Let Delta_linear : tensor_linear Delta.
Proof. by case: hopfK. Qed.
Let Delta_mul x y :
  tensor_eq (Delta (x * y)) [seq (p.1 * q.1, p.2 * q.2) | p <- Delta x, q <- Delta y].
Proof. by case: hopfK => _ []. Qed.
Let Delta_one : tensor_eq (Delta 1) [:: (1, 1)].
Proof. by case: hopfK => _ [_ []]. Qed.
Let Delta_coassoc x :
  tensor3_eq [seq (q.1, q.2, p.2) | p <- Delta x, q <- Delta p.1]
             [seq (p.1, q.1, q.2) | p <- Delta x, q <- Delta p.2].
Proof. by case: hopfK => _ [_ [_ []]]. Qed.
Let eps_linear : lin (eps : K -> k^o).
Proof. by case: hopfK => _ [_ [_ [_ []]]]. Qed.
Let eps_mul x y : eps (x * y) = eps x * eps y.
Proof. by case: hopfK => _ [_ [_ [_ [_ []]]]]. Qed.
Let eps_one : eps 1 = 1.
Proof. by case: hopfK => _ [_ [_ [_ [_ [_ []]]]]]. Qed.
Let counit_l x : \sum_(p <- Delta x) eps p.1 *: p.2 = x.
Proof. by case: hopfK => _ [_ [_ [_ [_ [_ [_ []]]]]]]. Qed.
Let counit_r x : \sum_(p <- Delta x) eps p.2 *: p.1 = x.
Proof. by case: hopfK => _ [_ [_ [_ [_ [_ [_ [_ []]]]]]]]. Qed.
Let S_linear : lin S.
Proof. by case: hopfK => _ [_ [_ [_ [_ [_ [_ [_ [_ []]]]]]]]]. Qed.
Let antipode_l x : \sum_(p <- Delta x) S p.1 * p.2 = (eps x)%:A.
Proof. by case: hopfK => _ [_ [_ [_ [_ [_ [_ [_ [_ [_ []]]]]]]]]]. Qed.
Let antipode_r x : \sum_(p <- Delta x) p.1 * S p.2 = (eps x)%:A.
Proof. by case: hopfK => _ [_ [_ [_ [_ [_ [_ [_ [_ [_ []]]]]]]]]]. Qed.

Let bilinear_Sl : bilinear_map (fun u v : K => S u * v).
Proof. by apply: bilinear_comp (bilinear_mul K) S_linear _. Qed.
Let bilinear_Sr : bilinear_map (fun u v : K => u * S v).
Proof. by apply: bilinear_comp (bilinear_mul K) _ S_linear. Qed.

Definition grouplike (z : K) : Prop := tensor_eq (Delta z) [:: (z, z)] /\ eps z = 1.

Definition comatrix n (M : 'M[K]_n) : Prop :=
  (forall i j, tensor_eq (Delta (M i j)) [seq (M i s, M s j) | s <- enum 'I_n]) /\
  (forall i j, eps (M i j) = (i == j)%:R).

(* The antipode axioms say exactly that S(M) is a two-sided inverse of M. *)
Lemma comatrix_antipode n (M : 'M[K]_n) :
  comatrix M -> map_mx S M *m M = 1%:M /\ M *m map_mx S M = 1%:M.
Proof.
case=> hD he; split; apply/matrixP => i j; rewrite !mxE -scaler_nat.
- have := antipode_l (M i j); rewrite (hD i j _ _ bilinear_Sl) big_map big_enum he => <-.
  by apply: eq_bigr => s _; rewrite !mxE.
- have := antipode_r (M i j); rewrite (hD i j _ _ bilinear_Sr) big_map big_enum he => <-.
  by apply: eq_bigr => s _; rewrite !mxE.
Qed.

Lemma grouplike_antipode z : grouplike z -> [/\ S z * z = 1, z * S z = 1 & grouplike (S z)].
Proof.
case=> hDz hez.
have Sz_z : S z * z = 1.
  by have := antipode_l z; rewrite (hDz _ _ bilinear_Sl) big_seq1 hez scale1r.
have z_Sz : z * S z = 1.
  by have := antipode_r z; rewrite (hDz _ _ bilinear_Sr) big_seq1 hez scale1r.
split => //; split; last by have := eps_mul z (S z); rewrite z_Sz eps_one hez mul1r.
move=> V phi hp; set w := S z.
have hb : bilinear_map (fun u v => phi (w * u) (w * v)).
  by apply: bilinear_comp => //; apply: lin_mull.
have := tensor_eq_mul (y := w) Delta_mul hDz (tensor_eq_refl _) hb.
rewrite z_Sz (Delta_one hb) big_allpairs_dep !big_seq1 /= !mulr1 => ->.
by apply: eq_bigr => q _; rewrite !mulrA Sz_z !mul1r.
Qed.

Lemma antipode_antipode_grouplike z : grouplike z -> S (S z) = z.
Proof.
case/grouplike_antipode=> Sz_z _ /grouplike_antipode [SSz_Sz _ _].
by rewrite -[S (S z)]mulr1 -Sz_z mulrA SSz_Sz mul1r.
Qed.

Lemma antipode_mul_grouplike z x : grouplike z -> S (x * z) = S z * S x.
Proof.
move=> gz; have [_ z_Sz _] := grouplike_antipode gz; case: gz => hDz hez.
set T := fun u => S (u * z).
have T_linear : lin T by move=> c u v; rewrite /T mulrDl -scalerAl S_linear.
have T_conv a : \sum_(p <- Delta a) T p.1 * p.2 = eps a *: S z.
  have := antipode_l (a * z).
  rewrite (tensor_eq_mul (x := a) Delta_mul (tensor_eq_refl _) hDz bilinear_Sl).
  rewrite big_allpairs_dep /= eps_mul hez mulr1 => h.
  rewrite -mulr_algl -h mulr_suml; apply: eq_bigr => p _.
  by rewrite big_seq1 /= -!mulrA z_Sz mulr1.
have ht : trilinear_map (fun u v r : K => T u * v * S r).
  split; [|split] => c u v a b.
  - by rewrite T_linear !mulrDl -!scalerAl.
  - by rewrite mulrDr mulrDl -scalerAr -scalerAl.
  - by rewrite S_linear mulrDr -scalerAr.
have := Delta_coassoc x ht; rewrite !big_allpairs_dep /=.
have -> : \sum_(p <- Delta x) \sum_(q <- Delta p.1) T q.1 * q.2 * S p.2 = S z * S x.
  rewrite -[in RHS](counit_l x) (lin_sum _ _ S_linear) mulr_sumr; apply: eq_bigr => p _.
  by rewrite -mulr_suml T_conv (linZ _ _ S_linear) -scalerAl scalerAr.
move=> ->; rewrite -/(T x) -{1}(counit_r x) (lin_sum _ _ T_linear).
apply: eq_bigr => p _; under eq_bigr do rewrite -mulrA.
by rewrite -mulr_sumr antipode_r mulr_algr (linZ _ _ T_linear).
Qed.

Section Comodule.
Variables (E : falgType k) (rho : E -> seq (K * E)).
Hypothesis comodE : comodule_algebra Delta eps rho.

Let rho_linear : tensor_linear rho.
Proof. by case: comodE. Qed.
Let rho_coassoc x :
  tensor3_eq [seq (q.1, q.2, p.2) | p <- rho x, q <- Delta p.1]
             [seq (p.1, q.1, q.2) | p <- rho x, q <- rho p.2].
Proof. by case: comodE => _ []. Qed.
Let rho_counit x : \sum_(p <- rho x) eps p.1 *: p.2 = x.
Proof. by case: comodE => _ [_ []]. Qed.
Let rho_mul x y :
  tensor_eq (rho (x * y)) [seq (p.1 * q.1, p.2 * q.2) | p <- rho x, q <- rho y].
Proof. by case: comodE => _ [_ [_ []]]. Qed.

(* The matrix of the coaction on a free family X is a comatrix: this is
   coassociativity and counitality of rho read off in the coordinates of X. *)
Lemma coaction_comatrix n (X : 'I_n -> E) (M : 'M[K]_n) :
  free [seq X i | i <- enum 'I_n] ->
  (forall i, tensor_eq (rho (X i)) [seq (M i s, X s) | s <- enum 'I_n]) ->
  comatrix M.
Proof.
move=> X_free hX; split=> [i j V psi hpsi | i j].
- have ht := trilinear_weight (coords_lin X j) hpsi.
  have := rho_coassoc (X i) ht; rewrite !big_allpairs_dep /=.
  rewrite (tensor_eq_nestl Delta_linear ht (hX i)) (tensor_eq_nestr rho_linear ht (hX i)).
  rewrite 3!big_map !big_enum /=; under eq_bigr do rewrite -scaler_sumr.
  rewrite sum_coords_basis // => ->; rewrite big_map big_enum; apply: eq_bigr => s _.
  have hb := bilinear_weight (coords_lin X j) (bilinear_linr (M i s) hpsi).
  by rewrite (hX s _ _ hb) big_map big_enum sum_coords_basis.
- have hb := bilinear_weight (coords_lin X j) eps_linear.
  have := congr1 (coords X j) (rho_counit (X i)).
  rewrite coords_basis // (lin_sum _ _ (coords_lin X j)) => <-.
  have := hX i _ _ hb; rewrite big_map big_enum sum_coords_basis // => <-.
  by apply: eq_bigr => p _; rewrite (linZ _ _ (coords_lin X j)); exact: mulrC.
Qed.

(* The coefficient of the coaction on a nonzero vector spanning a
   subcomodule is grouplike (the case n = 1 of coaction_comatrix). *)
Lemma coaction_grouplike (e : E) (D : K) :
  free [:: e] -> tensor_eq (rho e) [:: (D, e)] -> grouplike D.
Proof.
have enum1 : enum 'I_1 = [:: ord0] by rewrite enum_ordSl enum_ord0.
move=> e_free hD; have [] := @coaction_comatrix 1 (fun=> e) (const_mx D).
- by rewrite enum1.
- by move=> i; rewrite enum1 /= mxE.
by move=> hDD heD; split; [have := hDD ord0 ord0 | have := heD ord0 ord0];
  rewrite ?enum1 /= !mxE.
Qed.

(* Multiplicativity of rho: if P_i Q_j = delta_ij e with rho e = D (x) e, the
   coaction matrices of P and Q satisfy M_P M_Q^T = D I. *)
Lemma coaction_pairing (e : E) (D : K) n (P Q : 'I_n -> E) (MP MQ : 'M[K]_n) :
  free [:: e] -> (forall i j, P i * Q j = (i == j)%:R *: e) ->
  tensor_eq (rho e) [:: (D, e)] ->
  (forall i, tensor_eq (rho (P i)) [seq (MP i s, P s) | s <- enum 'I_n]) ->
  (forall i, tensor_eq (rho (Q i)) [seq (MQ i s, Q s) | s <- enum 'I_n]) ->
  MP *m MQ^T = D%:M.
Proof.
move=> e_free hPQ hD hP hQ; apply/matrixP => i j; rewrite !mxE.
pose fe : E -> k^o := coord [tuple e] 0.
have fe_lin : lin fe by move=> c x y; rewrite /fe linearP.
have fe_e : fe e = 1 by rewrite /fe (coord_free 0 0 e_free).
have fe_scale (x : k) : fe (x *: e) = x by rewrite (linZ _ _ fe_lin) fe_e; exact: mulr1.
have hb := bilinear_weight fe_lin (@lin_id _ K).
have := tensor_eq_mul rho_mul (hP i) (hQ j) hb.
rewrite hPQ (tensor_eq_scale _ rho_linear hD hb) !big_allpairs_dep /= big_seq1 /=.
rewrite fe_e scale1r -scaler_nat => ->; rewrite big_map big_enum; apply: eq_bigr => s _.
rewrite big_map big_enum /=; under eq_bigr do rewrite hPQ fe_scale.
by under eq_bigr do rewrite eq_sym; rewrite sum_kronecker mxE.
Qed.

Lemma coaction_intertwines n (a c : 'I_n -> E) (alpha : 'M[k]_n) (Y G : 'M[K]_n) :
  free [seq a i | i <- enum 'I_n] -> (forall i, c i = \sum_j alpha i j *: a j) ->
  (forall i, tensor_eq (rho (a i)) [seq (Y i s, a s) | s <- enum 'I_n]) ->
  (forall i, tensor_eq (rho (c i)) [seq (G i s, c s) | s <- enum 'I_n]) ->
  G *m map_mx (fun x : k => x%:A) alpha = map_mx (fun x : k => x%:A) alpha *m Y.
Proof.
move=> a_free hca hY hG; apply/matrixP => i t; rewrite !mxE.
have hb := bilinear_weight (coords_lin a t) (@lin_id _ K).
pose ev x := \sum_(p <- rho x) coords a t p.2 *: p.1.
have ev_lin : lin ev := tensor_linear_eval rho_linear hb.
have ev_c : ev (c i) = \sum_s alpha s t *: G i s.
  rewrite /ev (hG i _ _ hb) big_map big_enum; apply: eq_bigr => s _.
  by rewrite /= hca coords_sum.
have ev_a j : ev (a j) = Y j t.
  by rewrite /ev (hY j _ _ hb) big_map big_enum sum_coords_basis.
transitivity (ev (c i)).
  by rewrite ev_c; apply: eq_bigr => s _; rewrite mxE mulr_algr.
rewrite hca (lin_sum _ _ ev_lin); apply: eq_bigr => j _.
by rewrite (linZ _ _ ev_lin) ev_a mxE mulr_algl.
Qed.

Lemma coaction_change_of_basis n (a c : 'I_n -> E) (alpha : 'M[k]_n) (Y G : 'M[K]_n) :
  free [seq a i | i <- enum 'I_n] -> free [seq c i | i <- enum 'I_n] ->
  (forall i, c i = \sum_j alpha i j *: a j) ->
  (forall i, tensor_eq (rho (a i)) [seq (Y i s, a s) | s <- enum 'I_n]) ->
  (forall i, tensor_eq (rho (c i)) [seq (G i s, c s) | s <- enum 'I_n]) ->
  G = map_mx (fun x : k => x%:A) alpha *m Y *m map_mx (fun x : k => x%:A) (invmx alpha).
Proof.
move=> a_free c_free hca hY hG.
have alpha_unit := combination_unitmx c_free hca.
rewrite -(coaction_intertwines a_free hca hY hG) -mulmxA -(map_mxM (in_alg K)).
by rewrite mulmxV // map_mx1 mulmx1.
Qed.

End Comodule.

End Hopf.

Section AntipodeMatrices.
Variables (R : pzRingType) (S : R -> R) (n : nat) (Y F G : 'M[R]_n) (D Dinv : R).

Lemma mulmx_scalar_entry m (A : 'M[R]_(m, n)) d i j : (A *m d%:M) i j = A i j * d.
Proof.
rewrite mxE (bigD1 j) //= mxE eqxx mulr1n big1 ?addr0 // => s sj.
by rewrite mxE (negbTE sj) mulr0n mulr0.
Qed.

(* Right multiplication by a scalar matrix commutes with transposition,
   although R need not be commutative. *)
Lemma trmx_mul_scalar (A : 'M[R]_n) d : (A *m d%:M)^T = A^T *m d%:M.
Proof. by apply/matrixP => i j; rewrite [LHS]mxE !mulmx_scalar_entry mxE. Qed.

Hypotheses (SY_Y : map_mx S Y *m Y = 1%:M) (SF_F : map_mx S F *m F = 1%:M)
  (SG_G : map_mx S G *m G = 1%:M) (D_Dinv : D * Dinv = 1).
Hypotheses (Y_F : Y *m F^T = D%:M) (F_G : F *m G^T = D%:M).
-*-*-
- _Activity_
Wherever the string "with" occurs in the entries, copy that whole line.

- _Result_
(* Multiplicativity of rho: if P_i Q_j = delta_ij e with rho e = D (x) e, the
(* Right multiplication by a scalar matrix commutes with transposition,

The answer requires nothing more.